> [Material for this task]
Lemma resid_sq_bounds k : 0 <= resid_sq k < 1.
Proof.
  induction k.
  - unfold resid_sq, resid, sqnorm; simpl. rewrite inner0l. simpl. lra.
  - pose proof (xi_range k). destruct (transfer_cases k) as [h|h]; lra.
Qed.

Lemma piece_sqnorm k : sqnorm H (piece k) = xi k.
Proof. destruct (transfer_cases k) as [h|h]; apply h. Qed.

Lemma used_step k : used (S k) = used k \/ used (S k) = S (used k).
Proof. destruct (transfer_cases k) as [h|h]; [left|right]; apply h. Qed.

Lemma used_mono k l : (k <= l)%nat -> (used k <= used l)%nat.
Proof. induction 1; [lia|]. destruct (used_step m); lia. Qed.

Lemma resid_sq_add_rsum k : resid_sq k + rsum xi k = INR (used k).
Proof.
  induction k.
  - unfold resid_sq, resid, sqnorm; simpl. rewrite inner0l. simpl. lra.
  - simpl rsum. destruct (transfer_cases k) as [[_ [hK [hr _]]]|[_ [hK [hr _]]]];
      rewrite hK, hr; [|rewrite S_INR]; lra.
Qed.

Lemma psum_outer_decomposition k x :
  psum (fun j => outer H (e j)) x (used k) =
  vadd (psum (fun i => outer H (piece i)) x k) (outer H (resid k) x).
Proof.
  induction k.
  - simpl. rewrite outer_vzero, vadd_zero. reflexivity.
  - simpl psum. rewrite <- vadd_assoc.
    destruct (transfer_cases k) as [[_ [hK [_ [_ [hR _]]]]]|[_ [hK [_ [_ [hR _]]]]]];
      rewrite hK, hR; simpl psum; rewrite IHk; [reflexivity|].
    rewrite vadd_assoc. reflexivity.
Qed.

(* At step [k] the coefficient [|<x, resid k>|] is multiplied by at most
   [shrink k] and receives at most [inflow k] times that of the new [e (used k)]. *)
Definition shrink k : R :=
  if Rle_dec (xi k) (resid_sq k) then 1 else sqrt ((xi k - resid_sq k) / (1 - resid_sq k)).
Definition inflow k : R :=
  if Rle_dec (xi k) (resid_sq k) then 0 else sqrt ((1 - xi k) / (1 - resid_sq k)).

Fixpoint decay (s d : nat) : R :=
  match d with O => 1 | S d => decay s d * (shrink (s + d) * shrink (s + d)) end.

Lemma shrink_bounds k : 0 <= shrink k <= 1.
Proof.
  unfold shrink. destruct (Rle_dec (xi k) (resid_sq k)); [lra|].
  pose proof (resid_sq_bounds k). pose proof (xi_range k). split; [apply sqrt_pos|].
  apply Rle_trans with (sqrt 1); [apply sqrt_le_1_alt, div_le1 | rewrite sqrt_1]; lra.
Qed.

Lemma inflow_shrink k : 0 <= inflow k /\ inflow k * inflow k + shrink k * shrink k = 1.
Proof.
  unfold inflow, shrink. destruct (Rle_dec (xi k) (resid_sq k)); [lra|].
  pose proof (resid_sq_bounds k). pose proof (xi_range k). split; [apply sqrt_pos|].
  rewrite !sqrt_div_sq by lra. field. lra.
Qed.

> [Goal of the exercise] Of the lines above, copy each that contains "unfold".

> [Result for this task]
  - unfold resid_sq, resid, sqnorm; simpl. rewrite inner0l. simpl. lra.
  - unfold resid_sq, resid, sqnorm; simpl. rewrite inner0l. simpl. lra.
  unfold shrink. destruct (Rle_dec (xi k) (resid_sq k)); [lra|].
  unfold inflow, shrink. destruct (Rle_dec (xi k) (resid_sq k)); [lra|].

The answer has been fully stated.